### [RECORDS SUPPLIED]
Lemma gcomm_sub_gpow c k p q N : nil_class G c ->
  (forall j, 0 < j < c -> q %| 'C(p ^ k, j)) -> @normal_subgroup gT N ->
  gcomm_sub G N (gpow_sub G [set: T] (p ^ k)) `<=` gpow_sub G N q.
Proof.
move=> [lcs1 _] qC nN.
set Nq := gpow_sub G N q; have nNq : @normal_subgroup gT Nq := normal_gpow_sub q nN.
have lc1 : @lower_central gT c `<=` [set 1] by rewrite -lcs1; apply: lower_central_sub_lcs.
pose C : set T := @cent_mod gT Nq N.
have cC : closed C.
  have -> : C = \bigcap_(x in N) ((fun t : T => [~ x, t] : T) @^-1` Nq).
    by apply/seteqP; split=> t Ct x Nx; apply: Ct.
  apply: closed_bigI => x _.
  exact: closed_preimage (continuous_commg (x := x)) (closed_gen_closed (S := _)).
have KC : gpow_sub G [set: T] (p ^ k) `<=` C.
  rewrite gpow_subE; apply: (gen_closed_min (subgroup_cent_mod _ nNq) cC) => _ [g _ <-] y Ny.
  rewrite /Nq gpow_subE; apply: generated_sub_gen_closed; exact (commg_expg_mem_pow nN g lc1 qC Ny).
apply: (gen_closed_min (subgroup_gen_closed _) (closed_gen_closed (S := _))) => _ [x Nx [g Kg <-]].
by rewrite gcommE; apply: KC _ Kg x Nx.
Qed.

End ClosedSubgroups.

Theorem lemma3p2 (c k p : nat) (T : topologicalType) (G : group_law T) :
  prime p -> pro_p_group G p -> fin_gen G -> nil_class G c ->
  let K := gpow_sub G [set: T] (p ^ k) in
  (odd p -> (1 <= k)%N -> (c.+1 <= p ^ (k - 1))%N ->
     (forall N : set T, is_normal G N -> closed N ->
        gcomm_sub G N K `<=` gpow_sub G N p) /\ powerful G p K) /\
  (p = 2 -> (2 <= k)%N -> (c.+1 <= 2 ^ (k - 2))%N ->
     (forall N : set T, is_normal G N -> closed N ->
        gcomm_sub G N K `<=` gpow_sub G N 4) /\ powerful G p K).
Proof.
move=> pp [tg _] _ nilG K.
have nK : @normal_subgroup (group_of_law G) K := normal_gpow_sub tg (p ^ k) normal_setT.
have main a : a <= k -> c <= p ^ a -> forall N, @normal_subgroup (group_of_law G) N ->
    gcomm_sub G N K `<=` gpow_sub G N (p ^ (k - a).+1).
  move=> ak cpa N nN; have qC j : 0 < j < c -> p ^ (k - a).+1 %| 'C(p ^ k, j).
    by case/andP=> j0 jc; apply: dvdn_bin_pexp => //; rewrite j0 (leq_trans jc cpa).
  exact (gcomm_sub_gpow tg nilG qC nN).
have p1 := prime_gt1 pp.
split=> [op k1 cpk | p2 k2 cpk].
- have cpk' : c <= p ^ k by apply: leq_trans (ltnW cpk) (leq_pexp2l (ltnW p1) (leq_subr 1 k)).
  have := main k (leqnn k) cpk'; rewrite subnn expn1 => mainp.
  have p_neq2 : (p == 2) = false by apply/eqP => p2; rewrite p2 in op.
  split=> [N /is_normalP nN _|]; first exact: mainp.
  by rewrite /powerful p_neq2; apply: mainp.
- subst p; have cpk' : c <= 2 ^ (k - 1) by apply: leq_trans (ltnW cpk) (leq_pexp2l _ _); lia.
  have := main (k - 1) (leq_subr 1 k) cpk'; rewrite (_ : (k - (k - 1)).+1 = 2); last by lia.
  move=> main2; split=> [N /is_normalP nN _|]; first exact: main2.
  by rewrite /powerful eqxx; apply: main2.
Qed.
(* Let $\alpha\in(0,1)$ and $\eta>0$, and run the generalized share algorithm with the projection mixing rule $\hat p_{t+1}\in\arg\min_{x\in\Delta_d^\alpha}\mathcal K(x,v_{t+1})$. Then for all $T\ge1$, all loss vectors $\ell_1,\dots,\ell_T\in[0,1]^d$, and all $u_1,\dots,u_T\in\mathbb R_+^d$, \[ \sum_{t=1}^T\|u_t\|_1\,\hat p_t^\top\ell_t-\sum_{t=1}^T u_t^\top\ell_t\le \frac{\|u_1\|_1\ln d}{\eta}+\frac{m(u_1^T)}{\eta}\ln\frac{d}{\alpha}+\Big(\frac{\eta}{8}+\alpha\Big)\sum_{t=1}^T\|u_t\|_1 . \]
   Context: Let $d\ge1$ and $\Delta_d=\{q\in[0,1]^d:\sum_{i=1}^d q_i=1\}$. The generalized share algorithm with learning rate $\eta>0$ and mixing functions $\psi_t:[0,1]^{td}\to\Delta_d$ ($t\ge2$) works as follows: $\hat p_1=v_1=(1/d,\dots,1/d)$. At each round $t=1,2,\dots$ it predicts $\hat p_t=(\hat p_{1,t},\dots,\hat p_{d,t})\in\Delta_d$, observes a loss vector $\ell_t=(\ell_{1,t},\dots,\ell_{d,t})\in[0,1]^d$ (arbitrary), and suffers loss $\hat p_t^\top\ell_t$. It then forms the pre-weights $v_{j,t+1}=\hat p_{j,t}e^{-\eta\ell_{j,t}}/\sum_{i=1}^d\hat p_{i,t}e^{-\eta\ell_{i,t}}$ for $j=1,\dots,d$, sets $v_{t+1}=(v_{1,t+1},\dots,v_{d,t+1})$, and defines $\hat p_{t+1}=\psi_{t+1}(V_{t+1})$ where $V_{t+1}=[v_{i,s}]_{1\le i\le d,1\le s\le t+1}$ is the $d\times(t+1)$ matrix of all pre-weights so far. Here $\Delta_d^\alpha=[\alpha/d,1]^d\cap\Delta_d$ and $\mathcal K(x,v)=\sum_{i=1}^d x_i\ln(x_i/v_i)$ is the Kullback–Leibler divergence. For $x,y\in\mathbb R_+^d$, $D_{\mathrm{TV}}(x,y)=\sum_{i:\,x_i\ge y_i}(x_i-y_i)$, and for $u_1,\dots,u_T\in\mathbb R_+^d$, $m(u_1^T)=\sum_{t=2}^T D_{\mathrm{TV}}(u_t,u_{t-1})$. *)

From Stdlib Require Import Reals.
Open Scope R_scope.
Lemma elcs_continuous_ext_seminorm (f : X -> \bar R) : ext_seminorm abs f ->
  (forall e : R, 0 < e -> exists J, exists2 eps, 0 < eps &
     forall z, (max_seminorm rho J z < eps%:E)%E -> (f z < e%:E)%E) ->
  elcs_continuous rho f.
Proof.
move=> hf cont0 W oW x0 Wx0.
have upper x : (f x <= f (x - x0)%R + f x0)%E.
  by have := ext_seminormD hf (x - x0) x0; rewrite subrK.
have lower x : (f x0 <= f x + f (x - x0)%R)%E.
  by have := ext_seminormD hf x (x0 - x); rewrite addrC subrK ext_seminormBC.
have near_x0 e : 0 < e -> exists J eps, 0 < eps /\
    [set x | forall i, List.In i J -> (rho i (x - x0)%R < eps%:E)%E]
      `<=` [set x | (f (x - x0)%R < e%:E)%E].
  move=> e0; have [J [eps eps0 small]] := cont0 e e0.
  exists J, eps; split=> // x near; apply: small.
  by apply/max_seminorm_lt => //; rewrite lte_fin.
have : nbhs (f x0) W by apply: open_nbhs_nbhs.
have Wfx0 : W (f x0) := Wx0.
move: upper lower Wfx0.
case: (f x0) (ext_seminorm_ge0 hf x0) => [r| |] // r0 upper lower Wr.
- rewrite /nbhs /= => /nbhs_ballP [e /= e0 ballW].
  have [J [eps [eps0 sub]]] := near_x0 e e0.
  exists J, eps; split=> // x /sub /=.
  move: (upper x) (lower x).
  case: (f (x - x0)) (ext_seminorm_ge0 hf (x - x0)) => [d| |] //= d0.
  case: (f x) (ext_seminorm_ge0 hf x) => [y| |] //= y0.
  rewrite !lee_fin lte_fin => up lo dr; apply: ballW.
  by rewrite /ball /= ltr_norml; apply/andP; split; lra.
- move=> _; have [J [eps [eps0 sub]]] := near_x0 1 ltr01.
  exists J, eps; split=> // x /sub /=; move: (lower x).
  by case: (f (x - x0)) => [d| |] //; case: (f x).
Qed.

Lemma elcs_continuous_dominated (f : X -> \bar R) :
  ext_seminorm abs f -> elcs_continuous rho f ->
  exists J, exists2 C, 0 < C & forall x, (f x <= C%:E * max_seminorm rho J x)%E.
Proof.
move=> hf fcont.
have W1 : open [set y : \bar R | (y < 1%:E)%E] by apply: open_ereal_lt_ereal.
have W1f0 : (f @^-1` [set y | (y < 1%:E)%E]) 0.
  by rewrite /preimage /= ext_seminorm0 // lte_fin.
have [J [eps [eps0 small]]] := fcont _ W1 0 W1f0.
exists J, (1 / eps); first by rewrite divr_gt0.
apply: ext_seminorm_le_of_ball (max_seminorm_ext rhoS J) _ _ _ => // x.
move=> /max_seminorm_lt Jx; apply: small => i iJ; rewrite subr0; exact: Jx.
Qed.

Lemma elcs_hausdorff_eq0 x : elcs_hausdorff rho ->
  (forall J, max_seminorm rho J x = 0%E) -> x = 0.
Proof.
move=> hausdorff max0; apply: contrapT => /hausdorff [W1 [W2 [_ oW2 W1x W20 disj]]].
have [J [e [e0 ballW2]]] := oW2 0 W20.
suff W2x : W2 x by have : (W1 `&` W2) x by []; rewrite disj.
apply: ballW2 => i iJ; rewrite subr0.
by apply/(max_seminorm_lt _ _ _ _).1: iJ; rewrite ?max0 lte_fin.
Qed.

Lemma bounded_ball_dominated (U : set X) (J : seq I) (eps : R) :
  elcs_bounded emb rho U -> 0 < eps ->
  [set x | (max_seminorm rho J x < eps%:E)%E] `<=` U ->
  forall k, exists2 C, 0 < C & forall x, (rho k x <= C%:E * max_seminorm rho J x)%E.
Proof.
move=> Ubd eps0 ballU k.
have ball_k : elcs_nbhd rho 0 [set y | (rho k y < 1%:E)%E].
  exists [set y | (rho k y < 1%:E)%E]; split=> //; first exact: elcs_open_ball.
  by rewrite /= ext_seminorm0 // lte_fin.
have [c [P [c0 _ cover]]] := Ubd _ ball_k.
set m := size P.
have NS := max_seminorm_ext rhoS J.
have small x : (max_seminorm rho J x < (eps / m.+1%:R)%:E)%E ->
    (rho k x < (2 * c)%:E)%E.
  move=> hx; apply: (@ext_seminorm_lt_of_multiples _ P) => // j jm.
  have : U (emb j%:R *: x).
    apply: ballU; rewrite /= (ext_seminormZ NS) ger0_norm //.
    move: hx; case: (max_seminorm rho J x) (ext_seminorm_ge0 NS x) => [r| |] // r0.
    rewrite lee_fin in r0; rewrite -EFinM !lte_fin ltr_pdivlMr ?ltr0n // -natr1 => hr.
    have : j%:R <= m%:R :> R by rewrite ler_nat.
    nra.
  move=> /cover [p [u [pP uk ->]]]; exists p => //.
  rewrite addrC addKr (ext_seminormZ (rhoS k)) ger0_norm ?ltW //.
  by rewrite -[X in (_ < X)%E]mule1 lte_pmul2l.
exists (2 * c / (eps / m.+1%:R)); first by rewrite !divr_gt0 ?mulr_gt0.
by apply: ext_seminorm_le_of_ball small; rewrite ?divr_gt0 ?mulr_gt0.
Qed.

Theorem ext_norm_of_bounded_nbhd : elcs_hausdorff rho ->
  (exists U, elcs_nbhd rho 0 U /\ elcs_bounded emb rho U) ->
  exists N : X -> \bar R,
    [/\ ext_norm abs N, X_fin abs rho = [set x | (N x < +oo)%E] &
        forall U, elcs_open (fun _ : unit => N) U <-> elcs_open rho U].
Proof.
move=> hausdorff [U [[V [oV V0 VU]] Ubd]].
have [J [eps [eps0 ballV]]] := oV 0 V0.
have NS := max_seminorm_ext rhoS J.
have ballU : [set x | (max_seminorm rho J x < eps%:E)%E] `<=` U.
  move=> x /max_seminorm_lt Jx; apply/VU/ballV => i iJ; rewrite subr0; exact: Jx.
have dom := max_seminorm_le_scale (ext_seminorm_ge0 NS)
  (bounded_ball_dominated Ubd eps0 ballU).
exists (max_seminorm rho J); split.
- split=> // x Jx0; apply: elcs_hausdorff_eq0 hausdorff _ => J'.
  have [C _ le] := dom J'; apply/le_anti/andP; split.
    by have := le x; rewrite Jx0 mule0.
  exact: ext_seminorm_ge0 (max_seminorm_ext rhoS J') x.
- apply/seteqP; split=> x.
    apply; first exact: NS.
    apply: elcs_continuous_ext_seminorm => // e e0.
    by exists J; exists e.
  move=> /= Jx f hf /(elcs_continuous_dominated hf) [J' [C C0 fle]].
  have [C' _ le'] := dom J'.
  apply: le_lt_trans (fle x) _; apply: le_lt_trans (lee_wpmul2l _ (le' x)) _.
    by rewrite lee_fin ltW.
  move: Jx; case: (max_seminorm rho J x) (ext_seminorm_ge0 NS x) => [r| |] // _ _.
  by rewrite -!EFinM ltry.
- move=> W; split; apply: elcs_open_dominated => J1.
  + exists J, 1 => // x; rewrite mul1e.
    exact/max_seminorm_const_le/(ext_seminorm_ge0 NS).
  + have [C C0 le] := dom J1; exists [:: tt], C => // x.
    by rewrite max_seminorm_const1 ?(ext_seminorm_ge0 NS).
Qed.

End Topology.
End ExtendedSeminorms.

### [WORK INSTRUCTION]
Proceeding from the line containing "by apply/seteqP; split=>" through the line containing "rewrite gpow_subE; apply: (gen_closed_min", transcribe the lines above exactly, both end lines included.

### [OUTPUT OF THE TASK]
    by apply/seteqP; split=> t Ct x Nx; apply: Ct.
  apply: closed_bigI => x _.
  exact: closed_preimage (continuous_commg (x := x)) (closed_gen_closed (S := _)).
have KC : gpow_sub G [set: T] (p ^ k) `<=` C.
  rewrite gpow_subE; apply: (gen_closed_min (subgroup_cent_mod _ nNq) cC) => _ [g _ <-] y Ny.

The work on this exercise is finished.